Respuesta.- Primero, debería acudirse al Mostrador del Punto de Información, que se suele estar identificado con letreros como “Equipaje” o “Lost & Found” y se encuentra ubicado muy cerca de las cintas transportadoras. Una vez allí, se deberá solicitar el Parte de Irregularidad de Equipajes o PIR. Allí, se indica al pasajero que acuda al mostrador de la compañía aérea que ha perdido su maleta, donde usualmente se solicita la tarjeta de embarque, billete o etiquetas de facturación del equipaje para, después, rellenar el PIR y guardar la copia del mismo.

Una vez hecho esto, se debe presentar una reclamación formal por escrito, adjuntando la copia del PIR. Según lo establecido por el Convenio de Montreal, en caso de pérdida, no existe un límite establecido por el convenio, aunque es más que recomendable presentarlo lo antes posible.

La responsabilidad máxima de la compañía en concepto de indemnización por la pérdida de una maleta no puede superar, en principio, los 1.131 derechos especiales de giro (DEG), una unidad que fluctúa diariamente y que se corresponde a una media entre diferentes divisas, cuyo valor establece el FMI (Fondo Monetario Internacional) y que se puede consultar en la página del Banco de España.

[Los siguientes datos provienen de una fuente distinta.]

(* Let $m\ge1$ and $A=(a_0,\ldots,a_m)$ real with $a_0,a_m\ne0$. Suppose $\omega\in\mathbb{C}$ satisfies $P_A(\omega)=0$ and $|\omega|>1$. Then for every $\varepsilon>0$ there exists $n_0$ such that for every $n>n_0$ the polynomial $U_{n,A}$ has a (complex) root $\xi$ with $\left|\xi-\tfrac12(\omega+\omega^{-1})\right|<\varepsilon$.
   Context: $U_k$ denotes the Chebyshev polynomial of the second kind, $U_k(\cos\theta)=\frac{\sin(k+1)\theta}{\sin\theta}$. For $A=(a_0,\ldots,a_m)$ real with $a_0,a_m\ne0$ and $n\ge m$, $U_{n,A}(x)=\sum_{i=0}^m a_iU_{n-i}(x)$ and $P_A(x)=\sum_{i=0}^m a_ix^{m-i}$. *)

From HB Require Import structures.
From mathcomp Require Import all_boot all_order all_algebra.
Set Implicit Arguments. Unset Strict Implicit. Unset Printing Implicit Defensive.
Import Order.TTheory GRing.Theory Num.Theory.
Local Open Scope ring_scope.

(* Chebyshev polynomials of the second kind, via the standard recurrence
   U_0 = 1, U_1 = 2X, U_{k+2} = 2X U_{k+1} - U_k,
   equivalent to U_k(cos t) = sin((k+1)t)/sin t. *)
Fixpoint chebU2 (R : nzRingType) (k : nat) : {poly R} * {poly R} :=
  match k with
  | 0%N => (1, 'X *+ 2)
  | k'.+1 => let: (p, q) := chebU2 R k' in (q, 'X *+ 2 * q - p)
  end.

Definition chebU (R : nzRingType) (k : nat) : {poly R} := (chebU2 R k).1.

Definition UnA (R : nzRingType) (m : nat) (a : nat -> R) (n : nat) : {poly R} :=
  \sum_(i < m.+1) a i *: chebU R (n - i).

Definition PA (R : nzRingType) (m : nat) (a : nat -> R) : {poly R} :=
  \sum_(i < m.+1) a i *: 'X^(m - i).

From HB Require Import structures.
From mathcomp Require Import all_boot all_order all_algebra.
From mathcomp Require Import ring zify.
Import Order.TTheory GRing.Theory Num.Theory.
Local Open Scope ring_scope.

(* Substituting x = (z + z^-1)/2 (the Joukowski map) turns the
   Chebyshev polynomials into geometric differences:
     U_k(x) (z - z^-1) = z^(k+1) - z^-(k+1),
   and hence z^(n+1) (z - z^-1) U_{n,A}(x) = F_n(z), where
     F_n = X^(2n+2-m) P_A - Q_A,   Q_A = sum_i a_i X^i  (the reversal of P_A).
   So every root rho of F_n with |rho| > 1 yields the root (rho + rho^-1)/2 of
   U_{n,A}, and the Joukowski map is 1-Lipschitz outside the unit disc.
   It remains to show that F_n has a root near the root omega of P_A once n is
   large.  This is a discrete substitute for Rouche's theorem: if a polynomial F
   had no root in the disc of radius delta around omega, factoring F over the
   algebraically closed field gives |F(omega+tau)| <= |F(omega)| (1+tau/delta)^deg F.
   For F = F_n we have |F_n(omega)| = |Q_A(omega)|, while |F_n(omega+tau)| grows
   like |omega+tau|^N; choosing tau > 0 small with P_A(omega+tau) != 0 and
   |omega+tau| > 1 + tau/delta, the exponential growth wins for large N. *)

Lemma chebU2_joukowski {R : comNzRingType} {x z w : R} (k : nat) :
  z * w = 1 -> x *+ 2 = z + w ->
  ((chebU2 R k).1.[x] * (z - w) = z ^+ k.+1 - w ^+ k.+1) /\
  ((chebU2 R k).2.[x] * (z - w) = z ^+ k.+2 - w ^+ k.+2).
Proof.
move=> zw x2; elim: k => [|k IH] /=.
  by rewrite !hornerE -mulr2n x2; split; ring.
case: (chebU2 R k) IH => p q /= [IH1 IH2]; split => //.
rewrite hornerD hornerN hornerM hornerMn hornerX x2 mulrBl -mulrA IH2 IH1.
have -> : z ^+ k.+1 - w ^+ k.+1 = z * w * (z ^+ k.+1 - w ^+ k.+1).
  by rewrite zw mul1r.
rewrite !exprS; ring.
Qed.

Lemma chebU_joukowski (R : comNzRingType) (x z w : R) (k : nat) :
  z * w = 1 -> x *+ 2 = z + w ->
  (chebU R k).[x] * (z - w) = z ^+ k.+1 - w ^+ k.+1.
Proof. by move=> zw x2; case: (chebU2_joukowski k zw x2). Qed.

Definition QA {R : nzRingType} (m : nat) (a : nat -> R) : {poly R} :=
  \sum_(i < m.+1) a i *: 'X^i.

(* F_n = X^(2n+2-m) P_A - Q_A, whose roots outside the unit disc are the
   Joukowski preimages of the roots of U_{n,A}. *)
Definition FA {R : nzRingType} (m : nat) (a : nat -> R) (n : nat) : {poly R} :=
  'X^(2 * n + 2 - m) * PA m a - QA m a.

Lemma UnA_joukowski {R : comNzRingType} {m : nat} (a : nat -> R) {n : nat}
    {x z w : R} :
  (m <= n)%N -> z * w = 1 -> x *+ 2 = z + w ->
  z ^+ n.+1 * (z - w) * (UnA m a n).[x] = (FA m a n).[z].
Proof.
move=> mn zw x2.
rewrite /FA /UnA /PA /QA hornerD hornerN hornerM hornerXn !horner_sum.
rewrite mulr_sumr big_distrr /= -sumrB; apply: eq_bigr => i _.
rewrite !hornerZ !hornerXn.
rewrite (_ : _ * _ * _ = a i * (z ^+ n.+1 * ((chebU R (n - i)).[x] * (z - w))));
  last by ring.
rewrite chebU_joukowski // [X in _ = X - _]mulrCA -mulrBr; congr (_ * _).
have im : (i <= m)%N by rewrite -ltnS.
rewrite mulrBr -exprD.
have -> : (n - i).+1 = (n.+1 - i)%N by rewrite subSn // (leq_trans im).
have -> : (n.+1 + (n.+1 - i) = 2 * n + 2 - m + (m - i))%N by lia.
congr (_ - _); first by rewrite exprD.
rewrite {1}(_ : n.+1 = i + (n.+1 - i))%N; last by lia.
by rewrite exprD -mulrA -exprMn zw expr1n mulr1.
Qed.

Lemma UnA_root_of_FA_root {R : numFieldType} {m : nat} {a : nat -> R}
    {n : nat} {rho : R} :
  (m <= n)%N -> 1 < `|rho| -> root (FA m a n) rho ->
  root (UnA m a n) ((rho + rho^-1) / 2%:R).
Proof.
move=> mn rho_gt1 /eqP F0.
have rho0 : rho != 0 by rewrite -normr_gt0 (lt_trans ltr01).
have x2 : (rho + rho^-1) / 2%:R *+ 2 = rho + rho^-1.
  by rewrite -mulr_natr divfK ?pnatr_eq0.
have rho_inv : rho - rho^-1 != 0.
  rewrite subr_eq0; apply/eqP => eq_inv.
  have : `|rho| * `|rho| = 1 by rewrite -normrM {2}eq_inv divff ?normr1.
  apply/eqP; rewrite gt_eqF // (lt_le_trans rho_gt1) //.
  by rewrite ler_peMr // ltW.
have := UnA_joukowski a mn (divff rho0) x2; rewrite F0.
by move/eqP; rewrite !mulf_eq0 expf_eq0 (negbTE rho0) (negbTE rho_inv) andbF.
Qed.

Lemma joukowski_lipschitz {R : numFieldType} {z w : R} :
  1 <= `|z| -> 1 <= `|w| ->
  `|(z + z^-1) / 2%:R - (w + w^-1) / 2%:R| <= `|z - w|.
Proof.
move=> z1 w1.
have z0 : z != 0 by rewrite -normr_gt0 (lt_le_trans ltr01).
have w0 : w != 0 by rewrite -normr_gt0 (lt_le_trans ltr01).
have inv_dist : `|z^-1 - w^-1| <= `|z - w|.
  rewrite (_ : z^-1 - w^-1 = (w - z) / (z * w)); last by field; rewrite ?z0 ?w0.
  rewrite normrM normfV normrM distrC ler_pdivrMr ?mulr_gt0 ?normr_gt0 //.
  by rewrite ler_peMr // mulr_ege1.
rewrite (_ : _ - _ = ((z - w) + (z^-1 - w^-1)) / 2%:R); last by field; rewrite ?z0 ?w0.
rewrite normrM normfV normr_nat ler_pdivrMr ?ltr0n //.
by rewrite (le_trans (ler_normD _ _)) // mulr_natr mulr2n lerD2l.
Qed.

Lemma bernoulli {R : numDomainType} {y : R} (N : nat) :
  0 <= y -> 1 + N%:R * y <= (1 + y) ^+ N.
Proof.
move=> y0; elim: N => [|N IH]; first by rewrite mul0r addr0 expr0.
rewrite exprSr; apply: le_trans (ler_wpM2r _ IH); last by rewrite addr_ge0.
rewrite -subr_ge0 (_ : _ - _ = N%:R * y * y); last by rewrite mulrS; ring.
by rewrite !mulr_ge0.
Qed.

Lemma geometric_dominates {R : archiNumFieldType} {b r c K : R} :
  0 < b -> b < r -> 0 < c -> 0 <= K ->
  exists N0 : nat, forall N : nat, (N0 < N)%N -> b ^+ N * K < r ^+ N * c.
Proof.
move=> b0 br c0 K0; set y := r / b - 1.
have y0 : 0 < y by rewrite subr_gt0 ltr_pdivlMr // mul1r.
have r_eq : r = b * (1 + y) by rewrite /y addrC subrK mulrC divfK // gt_eqF.
clearbody y.
exists (Num.Def.archi_bound (K / (y * c))) => N bound_lt_N.
have NK : K < N%:R * (y * c).
  rewrite -ltr_pdivrMr ?mulr_gt0 //; apply: lt_le_trans (archi_boundP _) _.
    by rewrite divr_ge0 // ltW // mulr_gt0.
  by rewrite ler_nat ltnW.
rewrite r_eq exprMn -mulrA ltr_pM2l ?exprn_gt0 //.
apply: (lt_le_trans NK).
apply: le_trans (ler_wpM2r (ltW c0) (bernoulli N (ltW y0))).
by rewrite mulrDl mul1r mulrA lerDr ltW.
Qed.

(* Two positive elements have a common positive lower bound (the order need
   not be total, but positive elements are comparable). *)
Lemma exists_pos_le2 {R : numDomainType} {x y : R} :
  0 < x -> 0 < y -> exists z, [/\ 0 < z, z <= x & z <= y].
Proof.
move=> x0 y0; have /orP [xy | yx] := real_leVge (gtr0_real x0) (gtr0_real y0).
  by exists x.
by exists y.
Qed.

Lemma prod_shift_le (R : numFieldType) (om tau delta : R) (rs : seq R) :
  0 < delta -> 0 <= tau -> (forall z, z \in rs -> delta <= `|z - om|) ->
  `|\prod_(z <- rs) (om + tau - z)| <=
  `|\prod_(z <- rs) (om - z)| * (1 + tau / delta) ^+ size rs.
Proof.
move=> d0 t0; rewrite !normr_prod; elim: rs => [|z rs IH] far.
  by rewrite !big_nil expr0 mulr1.
rewrite !big_cons /= exprS mulrACA; apply: ler_pM => //.
- by rewrite prodr_ge0.
- rewrite (_ : om + tau - z = (om - z) + tau); last by ring.
  rewrite (le_trans (ler_normD _ _)) // [`|tau|]ger0_norm // mulrDr mulr1 lerD2l.
  rewrite -[X in X <= _](divfK (lt0r_neq0 d0)) mulrC.
  apply: ler_wpM2r; first exact: divr_ge0 t0 (ltW d0).
  by rewrite distrC far // mem_head.
- by apply: IH => w wr; apply: far; rewrite in_cons wr orbT.
Qed.

(* A discrete Rouche principle: if |F| grows from omega to omega + tau by more
   than the factor (1 + tau/delta)^deg F, then F has a root within delta of
   omega; otherwise the factorization of F over the closed field bounds the
   growth. *)
Lemma root_near_of_growth {C : numClosedFieldType} {F : {poly C}}
    {om tau delta : C} :
  0 < delta -> 0 <= tau ->
  `|F.[om]| * (1 + tau / delta) ^+ (size F).-1 < `|F.[om + tau]| ->
  exists2 rho, root F rho & `|rho - om| < delta.
Proof.
move=> d0 t0 growth.
have [F0 | Fnz] := eqVneq F 0.
  by move: growth; rewrite F0 !horner0 normr0 mul0r ltxx.
have [rs Frs] := closed_field_poly_normal F.
have lcF : lead_coef F != 0 by rewrite lead_coef_eq0.
have F_eval t : F.[t] = lead_coef F * \prod_(z <- rs) (t - z).
  rewrite {1}Frs hornerZ horner_prod.
  by under eq_bigr => z _ do rewrite hornerXsubC.
have [/hasP [rho rho_rs near] | /hasPn far] :=
  boolP (has (fun z => `|z - om| < delta) rs).
  by exists rho; rewrite // Frs rootZ // root_prod_XsubC.
have sizeF : (size F).-1 = size rs by rewrite Frs size_scale // size_prod_XsubC.
suff bounded : `|F.[om + tau]| <= `|F.[om]| * (1 + tau / delta) ^+ (size F).-1.
  by have := le_lt_trans bounded growth; rewrite ltxx.
rewrite !F_eval !normrM sizeF -mulrA ler_wpM2l ?normr_ge0 // prod_shift_le //.
by move=> z /far; rewrite real_leNgt ?(gtr0_real d0) ?normr_real.
Qed.

Lemma exists_nonroot_shift {R : numFieldType} {p : {poly R}} (om : R) {T : R} :
  p != 0 -> 0 < T -> exists tau, [/\ 0 < tau, tau <= T & ~~ root p (om + tau)].
Proof.
move=> pnz T0; pose shifts := [seq om + T / (j.+1)%:R | j <- iota 0 (size p)].
have : ~~ all (root p) shifts.
  apply/negP => all_roots; have := max_poly_roots pnz all_roots.
  rewrite map_inj_in_uniq ?iota_uniq ?size_map ?size_iota ?ltnn //.
    by move/(_ isT).
  move=> j k _ _ /addrI /(mulfI (lt0r_neq0 T0)) /invr_inj /eqP.
  by rewrite eqr_nat => /eqP [].
case/allPn => _ /mapP [j _ ->] not_root; exists (T / (j.+1)%:R); split => //.
  by rewrite divr_gt0 ?ltr0Sn.
by rewrite ler_pdivrMr ?ltr0Sn // ler_peMr ?(ltW T0) // ler1n.
Qed.

Lemma size_sum_scaleXn_le {R : nzRingType} {k m : nat} (c : nat -> R)
    (e : nat -> nat) :
  (forall i, (i < k)%N -> (e i <= m)%N) ->
  (size (\sum_(i < k) c i *: 'X^(e i))%R <= m.+1)%N.
Proof.
move=> e_le; apply: (big_ind (fun p : {poly R} => size p <= m.+1)%N).
- by rewrite size_poly0.
- by move=> p q sp sq; rewrite (leq_trans (size_polyD _ _)) // geq_max sp sq.
- move=> i _; rewrite (leq_trans (size_scale_leq _ _)) // size_polyXn ltnS.
  exact: e_le.
Qed.

(* The coefficient of X^m in P_A is a_0, so P_A is nonzero. *)
Lemma PA_neq0 {R : nzRingType} (m : nat) {a : nat -> R} :
  a 0%N != 0 -> PA m a != 0.
Proof.
have coef_m : (PA m a)`_m = a 0%N.
  rewrite /PA coef_sum; under eq_bigr => i _ do rewrite coefZ coefXn.
  rewrite big_ord_recl subn0 eqxx mulr1 big1 ?addr0 // => i _.
  have i_lt_m := ltn_ord i.
  rewrite (_ : (m == m - _)%N = false) ?mulr0 //=.
  by apply/negbTE; rewrite /bump /=; lia.
by move=> a0; apply: contraNneq a0 => P0; rewrite -coef_m P0 coef0.
Qed.

Lemma size_XnM_sub_le {R : nzRingType} {m : nat} {P Q : {poly R}} (N : nat) :
  (size P <= m.+1)%N -> (size Q <= m.+1)%N ->
  ((size ('X^N * P - Q)%R).-1 <= N + m)%N.
Proof.
move=> sP sQ; rewrite -subn1 leq_subLR add1n.
apply: leq_trans (size_polyD _ _) _; rewrite size_polyN geq_max.
rewrite (leq_trans sQ) ?andbT ?ltnS ?leq_addl //.
apply: leq_trans (size_polyMleq _ _) _.
by rewrite size_polyXn addSn /= -addnS leq_add2l.
Qed.

(* Pick tau > 0 so small that
   P(omega + tau) != 0 and |omega + tau| > b := 1 + tau/delta; then
   |(X^N P - Q)(omega + tau)| grows like |omega + tau|^N while
   |(X^N P - Q)(omega)| b^deg = |Q(omega)| b^deg grows only like b^N. *)
Lemma root_near_of_power_dominant {C : archiClosedFieldType} {m : nat}
    {P Q : {poly C}} {om delta : C} :
  P != 0 -> (size P <= m.+1)%N -> (size Q <= m.+1)%N ->
  P.[om] = 0 -> 1 < `|om| -> 0 < delta ->
  exists N0 : nat, forall N : nat, (N0 < N)%N ->
    exists2 rho, root ('X^N * P - Q) rho & `|rho - om| < delta.
Proof.
move=> Pnz sP sQ Pom om_gt1 d0.
have s0 : 0 < `|om| - 1 by rewrite subr_gt0.
have d1_gt0 : 0 < 1 + delta^-1 by rewrite addr_gt0 // invr_gt0.
pose T := (`|om| - 1) / 2%:R / (1 + delta^-1).
have T0 : 0 < T by rewrite !divr_gt0.
have [tau [tau0 tauT Ptau]] := exists_nonroot_shift om Pnz T0.
pose b := 1 + tau / delta.
have b1 : 1 <= b by rewrite lerDl divr_ge0 // ltW.
have b0 : 0 < b := lt_le_trans ltr01 b1.
have tau_small : tau * (1 + delta^-1) < `|om| - 1.
  apply: le_lt_trans (ler_wpM2r (ltW d1_gt0) tauT) _.
  by rewrite /T divfK ?gt_eqF // ltr_pdivrMr ?ltr0n // ltr_pMr // ltr1n.
have b_lt_r : b < `|om + tau|.
  apply: lt_le_trans (lerB_normD _ _); rewrite (ger0_norm (ltW tau0)).
  rewrite -subr_gt0 (_ : _ - _ = `|om| - 1 - tau * (1 + delta^-1)).
    by rewrite subr_gt0.
  by rewrite /b; field; rewrite gt_eqF.
have c0 : 0 < `|P.[om + tau]| by rewrite normr_gt0 -rootE.
pose K := `|Q.[om + tau]| + `|Q.[om]| * b ^+ m.
have K0 : 0 <= K by rewrite addr_ge0 ?mulr_ge0 ?exprn_ge0 ?normr_ge0 ?(ltW b0).
have [N0 dominate] := geometric_dominates b0 b_lt_r c0 K0.
exists N0 => N /dominate growth; apply: root_near_of_growth d0 (ltW tau0) _.
have size_F := size_XnM_sub_le N sP sQ.
have F_om : ('X^N * P - Q).[om] = - Q.[om].
  by rewrite hornerD hornerN hornerM Pom mulr0 add0r.
have F_shift : `|om + tau| ^+ N * `|P.[om + tau]| - `|Q.[om + tau]| <=
               `|('X^N * P - Q).[om + tau]|.
  rewrite hornerD hornerN hornerM hornerXn -normrX -normrM -(normrN Q.[_]).
  exact: lerB_normD.
rewrite F_om normrN.
apply: le_lt_trans (ler_wpM2l (normr_ge0 _) (ler_weXn2l b1 size_F)) _.
apply: lt_le_trans F_shift; rewrite ltrBrDr; apply: le_lt_trans growth.
rewrite /K mulrDr exprD mulrCA addrC lerD2r.
by rewrite ler_peMl ?normr_ge0 ?exprn_ege1.
Qed.

(* Main theorem. *)
Theorem theorem5p2 (C : archiClosedFieldType) (m : nat) (a : nat -> C)
    (omega : C) :
  (1 <= m)%N ->
  (forall i, (i <= m)%N -> a i \is Num.real) ->
  a 0%N != 0 -> a m != 0 ->
  (PA m a).[omega] = 0 -> 1 < `|omega| ->
  forall eps : C, 0 < eps ->
  exists n0 : nat, forall n : nat, (n0 < n)%N ->
    exists xi : C, root (UnA m a n) xi /\
      `|xi - (omega + omega^-1) / 2%:R| < eps.
Proof.
move=> _ _ a0 _ P_omega omega_gt1 eps eps0.
have gap0 : 0 < `|omega| - 1 by rewrite subr_gt0.
have [delta [delta0 delta_eps delta_gap]] := exists_pos_le2 eps0 gap0.
have size_P : (size (PA m a) <= m.+1)%N.
  by apply: (size_sum_scaleXn_le a (fun i => m - i)%N) => i _; apply: leq_subr.
have size_Q : (size (QA m a) <= m.+1)%N by apply: (size_sum_scaleXn_le a id).
have [N0 near_root] := root_near_of_power_dominant
  (PA_neq0 m a0) size_P size_Q P_omega omega_gt1 delta0.
exists (maxn m N0) => n; rewrite gtn_max => /andP [m_lt_n N0_lt_n].
have [rho F_rho rho_near] := near_root (2 * n + 2 - m)%N ltac:(lia).
have rho_gt1 : 1 < `|rho|.
  have := lerB_normD omega (rho - omega); rewrite [omega + _]addrC subrK.
  apply: lt_le_trans.
  by rewrite ltrBrDr -ltrBrDl (lt_le_trans rho_near delta_gap).
exists ((rho + rho^-1) / 2%:R); split.
  exact: UnA_root_of_FA_root (ltnW m_lt_n) rho_gt1 F_rho.
apply: le_lt_trans (joukowski_lipschitz (ltW rho_gt1) (ltW omega_gt1)) _.
exact: lt_le_trans rho_near delta_eps.
Qed.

Esta cuantía, oscila sobre los 1.000 euros – 1.300 euros, cubre tanto el daño provocado como los eventuales gastos —que habrá que justificar conservando tiques y facturas— en el que tuvo que incurrir el pasajero.

Ante esta situación, es conveniente proporcionar un listado con todos los objetos que había en la maleta, detallando los distintos datos cada producto (marca, modelo, fecha de compra, etc.), para que la aerolínea haga una estimación aproximada del valor total.

En cuanto a las incidencias relativas a las maletas, es aconsejable pedir a la Policía o la Guardia Civil que levante atestado del incidente si están cerrados tanto los mostradores tanto de la compañía como de la sociedad gestora del aeropuerto.

Resulta usual que las compañías intenten evitar que el pasajero pida la compensación total, por ejemplo, ofreciéndole una indemnización parcial o haciéndole firmar un documento que le impida reclamar después. En estos casos de pérdida del equipaje, las compañías suelen compensar por peso, pagando un precio por cada kilogramo facturado.

Si las pertenencias tenían un valor mayor que la indemnización máxima establecida, se puede registrar la Declaración Especial de Valor, un inventario del contenido del equipaje que será revisado con detenimiento por la compañía aérea. En la web de cada aerolínea se indican los pasos a seguir para solicitar este servicio, así como el valor máximo a declarar, una cantidad varía en función de la compañía.